Problem details: Within the entries below, the lines from the one with "apply/eqP; apply: contraT => /(G_single _ _ _ a_s qt" through the one with "Lemma mul_index_mem_cands P" are to be set down exactly, both ends kept.

Extracted data:
Lemma additive_lex_cancellative f g :
  {morph f : u v / u + v} -> {morph g : u v / u + v} ->
  injective (fun e => (f e, g e)) -> lex_cancellative f g.
Proof.
move=> fD gD fg_inj u v u' v' uv /andP [fu gu] /andP [fv gv].
have /(congr1 f) := uv; rewrite !fD => fuv.
have fu' : f u = f u' by lra.
have fv' : f v = f v' by lra.
have /(congr1 g) := uv; rewrite !gD => guv.
move: gu gv; rewrite fu' fv' !eqxx /= => gu gv.
have gu' : g u = g u' by lra.
have gv' : g v = g v' by lra.
by split; apply: fg_inj; congr pair.
Qed.

Lemma lex_cancellative_st : lex_cancellative (fun e => e.1 - e.2) fst.
Proof.
apply: additive_lex_cancellative => [u v|//|[x y] [x' y'] [/= E xE]] /=.
  by rewrite opprD addrACA.
by move: E; rewrite xE => /addrI/oppr_inj->.
Qed.

Lemma lex_cancellative_en : lex_cancellative (fun e => e.2 - e.1) snd.
Proof.
apply: additive_lex_cancellative => [u v|//|[x y] [x' y'] [/= E yE]] /=.
  by rewrite opprD addrACA.
by move: E; rewrite yE => /addrI/oppr_inj->.
Qed.

Definition mul_index (l : nat) (p q : int * nat) (k : nat) : int * nat :=
  (p.1 + q.1 - (k * l)%:Z, (p.2 + q.2 - k)%N).

Lemma mul_indexC l p q k : mul_index l p q k = mul_index l q p k.
Proof. by rewrite /mul_index [p.1 + _]addrC [(p.2 + _)%N]addnC. Qed.

Lemma expo_mul_index l p q k : (0 < l)%N -> (k <= p.2 + q.2)%N ->
  expo l (mul_index l p q k) = expo l p + expo l q - (k%:R, k%:R).
Proof.
move=> l0 kle; rewrite /expo /mul_index; congr pair => /=.
  by rewrite intrB intrD -pmulrn natrM; field; rewrite pnatr_eq0 eqn0Ngt l0.
by rewrite natrB // natrD.
Qed.

Lemma expo_inj {l : nat} : (0 < l)%N -> injective (expo l).
Proof.
move=> l0 [x1 x2] [y1 y2] [E1 /eqP]; rewrite eqr_nat => /eqP E2.
move: E1 => /(congr1 (fun t => t * l%:R)); rewrite !divfK ?pnatr_eq0 -?lt0n //.
by move/intr_inj => /= E1; congr pair.
Qed.

Lemma wt_shift rho sigma u v c :
  wt rho sigma (u + v - (c, c)) = wt rho sigma u + wt rho sigma v - (rho + sigma)%:~R * c.
Proof. by rewrite /wt /= intrD; ring. Qed.

Lemma aligned_expo l a b : (0 < l)%N ->
  aligned (expo l a) (expo l b) <-> a.2%:Z * b.1 - b.2%:Z * a.1 = 0.
Proof.
move=> l0; rewrite /aligned /expo /=.
have -> : a.1%:~R / l%:R * b.2%:R - a.2%:R * (b.1%:~R / l%:R)
          = - ((a.2%:Z * b.1 - b.2%:Z * a.1)%:~R / l%:R) :> rat.
  by rewrite intrB !intrM -!pmulrn; ring.
split=> [/eqP|->]; last by rewrite mul0r oppr0.
rewrite oppr_eq0 mulf_eq0 invr_eq0 pnatr_eq0 eqn0Ngt l0 orbF intq_eq0.
by move/eqP.
Qed.

Section Support.
Context {K : fieldType} (l : nat) (rho sigma : int).
Implicit Types (P : W K) (x : int * nat).

Lemma W0E x : W0 K x = 0.
Proof. by rewrite fsfunE. Qed.

Lemma finsupp_neq0 P : P != W0 K -> exists x, x \in finsupp P.
Proof.
move=> PN; have [P0|[x xP]] := fset_0Vmem (finsupp P); last by exists x.
by case/eqP: PN; apply/fsfunP => x; rewrite W0E fsfun_dflt // P0 in_fset0.
Qed.

Lemma mem_Supp P x : x \in finsupp P -> expo l x \in Supp l P.
Proof. exact: map_f. Qed.

Lemma wt_le_vrs P x : x \in finsupp P -> wt rho sigma (expo l x) <= vrs l rho sigma P.
Proof. by move=> /mem_Supp; apply: maxf_ge. Qed.

Lemma ellrsE P x : ellrs l rho sigma P x =
  if (x \in finsupp P) && (wt rho sigma (expo l x) == vrs l rho sigma P) then P x else 0.
Proof. by rewrite fsfunE; case: (x \in finsupp P). Qed.

Lemma mem_finsupp_ellrs P x :
  (x \in finsupp (ellrs l rho sigma P)) =
  (x \in finsupp P) && (wt rho sigma (expo l x) == vrs l rho sigma P).
Proof.
rewrite !mem_finsupp ellrsE mem_finsupp.
case Px: (P x == 0); first by rewrite /= eqxx.
by case: (wt _ _ _ == _); rewrite /= ?Px ?eqxx.
Qed.

Lemma finsupp_ellrs_neq0 P : P != W0 K -> exists x, x \in finsupp (ellrs l rho sigma P).
Proof.
move=> /finsupp_neq0 [x /mem_Supp xS].
have SN : Supp l P != [::] by case: (Supp l P) xS.
have [e /mapP [y yP ->] vy] := maxf_mem (wt rho sigma) (0, 0) SN.
by exists y; rewrite mem_finsupp_ellrs yP /vrs vy eqxx.
Qed.

Lemma ellrs_neq0 P : P != W0 K -> ellrs l rho sigma P != W0 K.
Proof.
move=> /finsupp_ellrs_neq0 [x xL]; apply: contraTneq xL => ->.
by rewrite mem_finsupp W0E eqxx.
Qed.

End Support.

Definition lex_leading l {K : fieldType} rho sigma f g (P : W K) (a : int * nat) :=
  a \in finsupp (ellrs l rho sigma P) /\
  {in finsupp (ellrs l rho sigma P), forall p, lex_le f g (expo l p) (expo l a)}.

Lemma lex_argmax_leading l {K : fieldType} rho sigma f g {P : W K} : P != W0 K ->
  exists2 a, lex_leading l rho sigma f g P a &
             expo l a = lex_argmax f g (Supp l (ellrs l rho sigma P)).
Proof.
move=> /(finsupp_ellrs_neq0 l rho sigma) [x /(mem_Supp l) xS].
have SN : Supp l (ellrs l rho sigma P) != [::] by case: (Supp _ _) xS.
have [/mapP [a aL aE] amax] := lex_argmaxP f g SN.
by exists a => //; split=> // p /(mem_Supp l) pS; rewrite -aE; apply: amax.
Qed.

Lemma sum_shift_lex_unique {rho sigma : int} {f g : rat * rat -> rat}
    {a b u v : rat * rat} {k : nat} :
  0 < rho + sigma -> lex_cancellative f g ->
  wt rho sigma u <= wt rho sigma a -> wt rho sigma v <= wt rho sigma b ->
  (wt rho sigma u = wt rho sigma a -> lex_le f g u a) ->
  (wt rho sigma v = wt rho sigma b -> lex_le f g v b) ->
  (0 < k)%N -> u + v - (k%:R, k%:R) = a + b - (1, 1) ->
  [/\ u = a, v = b & k = 1%N].
Proof.
move=> rs fg_canc ua vb ulex vlex k0 uvE.
have /(congr1 (wt rho sigma)) := uvE; rewrite !wt_shift => wE.
have rs' : 0 < (rho + sigma)%:~R :> rat by rewrite ltr0z.
have k1 : k = 1%N.
  have : (rho + sigma)%:~R * k%:R <= (rho + sigma)%:~R * 1 :> rat by lra.
  by rewrite ler_pM2l // lern1 => k1; apply/eqP; rewrite eqn_leq k1.
move: uvE wE; rewrite k1 => /addIr uvE wE.
have [] := fg_canc u v a b uvE; [apply: ulex | apply: vlex | by move=> -> ->]; lra.
Qed.

Lemma lex_leading_mul_index_unique l {K : fieldType} rho sigma f g (P Q : W K) a b p q k :
  (0 < l)%N -> 0 < rho + sigma -> lex_cancellative f g ->
  lex_leading l rho sigma f g P a -> lex_leading l rho sigma f g Q b ->
  p \in finsupp P -> q \in finsupp Q -> (0 < k <= p.2 + q.2)%N -> (0 < a.2 + b.2)%N ->
  mul_index l p q k = mul_index l a b 1 -> [/\ p = a, q = b & k = 1%N].
Proof.
move=> l0 rs fg_canc [aL amax] [bL bmax] pP qQ /andP [k0 kpq] ab0 pqE.
move: (aL) (bL); rewrite !mem_finsupp_ellrs => /andP [_ /eqP wa] /andP [_ /eqP wb].
have /(congr1 (expo l)) := pqE; rewrite !expo_mul_index // => E.
have wpa : wt rho sigma (expo l p) <= wt rho sigma (expo l a) by rewrite wa wt_le_vrs.
have wqb : wt rho sigma (expo l q) <= wt rho sigma (expo l b) by rewrite wb wt_le_vrs.
have pa : wt rho sigma (expo l p) = wt rho sigma (expo l a) -> lex_le f g (expo l p) (expo l a).
  by move=> wp; apply: amax; rewrite mem_finsupp_ellrs pP wp wa eqxx.
have qb : wt rho sigma (expo l q) = wt rho sigma (expo l b) -> lex_le f g (expo l q) (expo l b).
  by move=> wq; apply: bmax; rewrite mem_finsupp_ellrs qQ wq wb eqxx.
by have [/(expo_inj l0) -> /(expo_inj l0) -> ->] :=
  sum_shift_lex_unique rs fg_canc wpa wqb pa qb k0 E.
Qed.

Lemma sum3_seq_single (R : nmodType) (A B : eqType) (s : seq A) (t : seq B)
    (n : A -> nat) (G : A -> B -> nat -> R) a b :
  uniq s -> uniq t -> a \in s -> b \in t ->
  (forall p q k, p \in s -> q \in t -> (k < n p)%N -> G p q k != 0 ->
     [/\ p = a, q = b & k = 0%N]) ->
  \sum_(p <- s) \sum_(q <- t) \sum_(k < n p) G p q k =
  if (0 < n a)%N then G a b 0%N else 0.
Proof.
move=> us ut a_s b_t G_single.
rewrite (bigD1_seq a) //= [X in _ + X]big1_seq ?addr0; last first.
  move=> p /andP [pa ps]; apply: big1_seq => q /andP [_ qt]; apply: big1 => k _.
  apply/eqP; apply: contraT => /(G_single _ _ _ ps qt (ltn_ord k)) [pe _ _].
  by rewrite pe eqxx in pa.
rewrite (bigD1_seq b) //= [X in _ + X]big1_seq ?addr0; last first.
  move=> q /andP [qb qt]; apply: big1 => k _.
  apply/eqP; apply: contraT => /(G_single _ _ _ a_s qt (ltn_ord k)) [_ qe _].
  by rewrite qe eqxx in qb.
case E: (n a) => [|m] /=; first by rewrite big_ord0.
rewrite big_ord_recl big1 ?addr0 // => k _.
apply/eqP; apply: contraT => /(G_single _ _ _ a_s b_t); rewrite E => /(_ (ltn_ord _)) [_ _].
by rewrite lift0.
Qed.

Section Coefficients.
Context (l : nat) {K : fieldType}.
Implicit Types (P Q : W K) (x : int * nat).

Definition symbol_mul_coef P Q x : K :=
  \sum_(p <- enum_fset (finsupp P)) \sum_(q <- enum_fset (finsupp Q))
    (if x == (p.1 + q.1, (p.2 + q.2)%N) then P p * Q q else 0).

Definition Wmul_corr_coef P Q x : K :=
  \sum_(p <- enum_fset (finsupp P)) \sum_(q <- enum_fset (finsupp Q))
    \sum_(k < p.2)
      (if x == mul_index l p q k.+1
       then P p * Q q * ('C(p.2, k.+1))%:R * ffall (q.1%:~R / l%:R) k.+1
       else 0).

Lemma Wmul_coefE P Q x :
  Wmul_coef l P Q x = symbol_mul_coef P Q x + Wmul_corr_coef P Q x.
Proof.
rewrite -big_split; apply: eq_bigr => p _; rewrite -big_split.
apply: eq_bigr => q _; rewrite big_ord_recl.
by rewrite mul0n subr0 subn0 bin0 /ffall big_ord0 !mulr1.
Qed.

Lemma symbol_mul_coefC P Q x : symbol_mul_coef P Q x = symbol_mul_coef Q P x.
Proof.
rewrite /symbol_mul_coef exchange_big; apply: eq_bigr => q _; apply: eq_bigr => p _.
by rewrite addrC addnC mulrC.
Qed.

Lemma WcommE P Q x : x \in Wmul_cands l P Q ++ Wmul_cands l Q P ->
  Wcomm l P Q x = Wmul_corr_coef P Q x - Wmul_corr_coef Q P x.
Proof.
move=> xC; rewrite fsfunE ifT ?in_fset // !Wmul_coefE symbol_mul_coefC.
by rewrite opprD addrACA subrr add0r.
Qed.

Lemma mul_index_mem_cands P Q p q k :
  p \in finsupp P -> q \in finsupp Q -> (k <= p.2)%N -> mul_index l p q k \in Wmul_cands l P Q.
Proof.
move=> pP qQ kp; apply/flattenP; exists [seq mul_index l p q j | j <- iota 0 p.2.+1].
  exact: (allpairs_f (fun p q => [seq mul_index l p q j | j <- iota 0 p.2.+1])).
by apply: map_f; rewrite mem_iota.
Qed.

Lemma Wmul_corr_coef_single P Q a b : a \in finsupp P -> b \in finsupp Q ->
  (forall p q k, p \in finsupp P -> q \in finsupp Q -> (0 < k <= p.2)%N ->
     mul_index l p q k = mul_index l a b 1 -> [/\ p = a, q = b & k = 1%N]) ->
  Wmul_corr_coef P Q (mul_index l a b 1) = P a * Q b * a.2%:R * (b.1%:~R / l%:R).
Proof.
move=> aP bQ ab_single.
pose G p q k := if mul_index l a b 1 == mul_index l p q k.+1
  then P p * Q q * ('C(p.2, k.+1))%:R * ffall (q.1%:~R / l%:R) k.+1 else 0.
rewrite /Wmul_corr_coef (@sum3_seq_single _ _ _ _ _ snd G a b) ?fset_uniq // /G.
  case: posnP => [->|_]; first by rewrite mulr0 mul0r.
  by rewrite eqxx bin1 /ffall big_ord1 subr0.
move=> p q k pP qQ kp; case: ifP => [/eqP pqE _|]; last by rewrite eqxx.
by have [-> -> [->]] := ab_single p q k.+1 pP qQ kp (esym pqE).
Qed.

End Coefficients.

Lemma Wcomm_corner {l : nat} {K : fieldType} {rho sigma : int} {f g : rat * rat -> rat}
    {P Q : W K} {a b : int * nat} :
  (0 < l)%N -> 0 < rho + sigma -> lex_cancellative f g ->
  lex_leading l rho sigma f g P a -> lex_leading l rho sigma f g Q b ->
  (0 < a.2 + b.2)%N ->
  Wcomm l P Q (mul_index l a b 1) =
    P a * Q b * ((a.2%:Z * b.1 - b.2%:Z * a.1)%:~R / l%:R).
Proof.
move=> l0 rs fg_canc aP bQ ab0.
have [aS bS] : a \in finsupp P /\ b \in finsupp Q.
  by move: aP.1 bQ.1; rewrite !mem_finsupp_ellrs => /andP [? _] /andP [? _].
have uniqPQ p q k : p \in finsupp P -> q \in finsupp Q -> (0 < k <= p.2 + q.2)%N ->
    mul_index l p q k = mul_index l a b 1 -> [/\ p = a, q = b & k = 1%N].
  by move=> pP qQ kpq; apply: lex_leading_mul_index_unique aP bQ pP qQ kpq ab0.
rewrite WcommE; last first.
  rewrite mem_cat; have [a0|a_gt0] := posnP a.2.
    by rewrite a0 add0n in ab0; rewrite orbC mul_indexC mul_index_mem_cands.
  by rewrite mul_index_mem_cands.
rewrite Wmul_corr_coef_single //; last first.
  move=> p q k pP qQ /andP [k0 kp]; apply: uniqPQ => //.
  by rewrite k0 (leq_trans kp (leq_addr _ _)).
rewrite mul_indexC Wmul_corr_coef_single //; last first.
  move=> q p k qQ pP /andP [k0 kq]; rewrite mul_indexC (mul_indexC l b) => E.
  have [|-> -> ->] // := uniqPQ p q k pP qQ _ E.
  by rewrite k0 (leq_trans kq (leq_addl _ _)).
by rewrite intrB !intrM -!pmulrn; ring.
Qed.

Solved problem:
  apply/eqP; apply: contraT => /(G_single _ _ _ a_s qt (ltn_ord k)) [_ qe _].
  by rewrite qe eqxx in qb.
case E: (n a) => [|m] /=; first by rewrite big_ord0.
rewrite big_ord_recl big1 ?addr0 // => k _.
apply/eqP; apply: contraT => /(G_single _ _ _ a_s b_t); rewrite E => /(_ (ltn_ord _)) [_ _].
by rewrite lift0.
Qed.

Section Coefficients.
Context (l : nat) {K : fieldType}.
Implicit Types (P Q : W K) (x : int * nat).

Definition symbol_mul_coef P Q x : K :=
  \sum_(p <- enum_fset (finsupp P)) \sum_(q <- enum_fset (finsupp Q))
    (if x == (p.1 + q.1, (p.2 + q.2)%N) then P p * Q q else 0).

Definition Wmul_corr_coef P Q x : K :=
  \sum_(p <- enum_fset (finsupp P)) \sum_(q <- enum_fset (finsupp Q))
    \sum_(k < p.2)
      (if x == mul_index l p q k.+1
       then P p * Q q * ('C(p.2, k.+1))%:R * ffall (q.1%:~R / l%:R) k.+1
       else 0).

Lemma Wmul_coefE P Q x :
  Wmul_coef l P Q x = symbol_mul_coef P Q x + Wmul_corr_coef P Q x.
Proof.
rewrite -big_split; apply: eq_bigr => p _; rewrite -big_split.
apply: eq_bigr => q _; rewrite big_ord_recl.
by rewrite mul0n subr0 subn0 bin0 /ffall big_ord0 !mulr1.
Qed.

Lemma symbol_mul_coefC P Q x : symbol_mul_coef P Q x = symbol_mul_coef Q P x.
Proof.
rewrite /symbol_mul_coef exchange_big; apply: eq_bigr => q _; apply: eq_bigr => p _.
by rewrite addrC addnC mulrC.
Qed.

Lemma WcommE P Q x : x \in Wmul_cands l P Q ++ Wmul_cands l Q P ->
  Wcomm l P Q x = Wmul_corr_coef P Q x - Wmul_corr_coef Q P x.
Proof.
move=> xC; rewrite fsfunE ifT ?in_fset // !Wmul_coefE symbol_mul_coefC.
by rewrite opprD addrACA subrr add0r.
Qed.

Lemma mul_index_mem_cands P Q p q k :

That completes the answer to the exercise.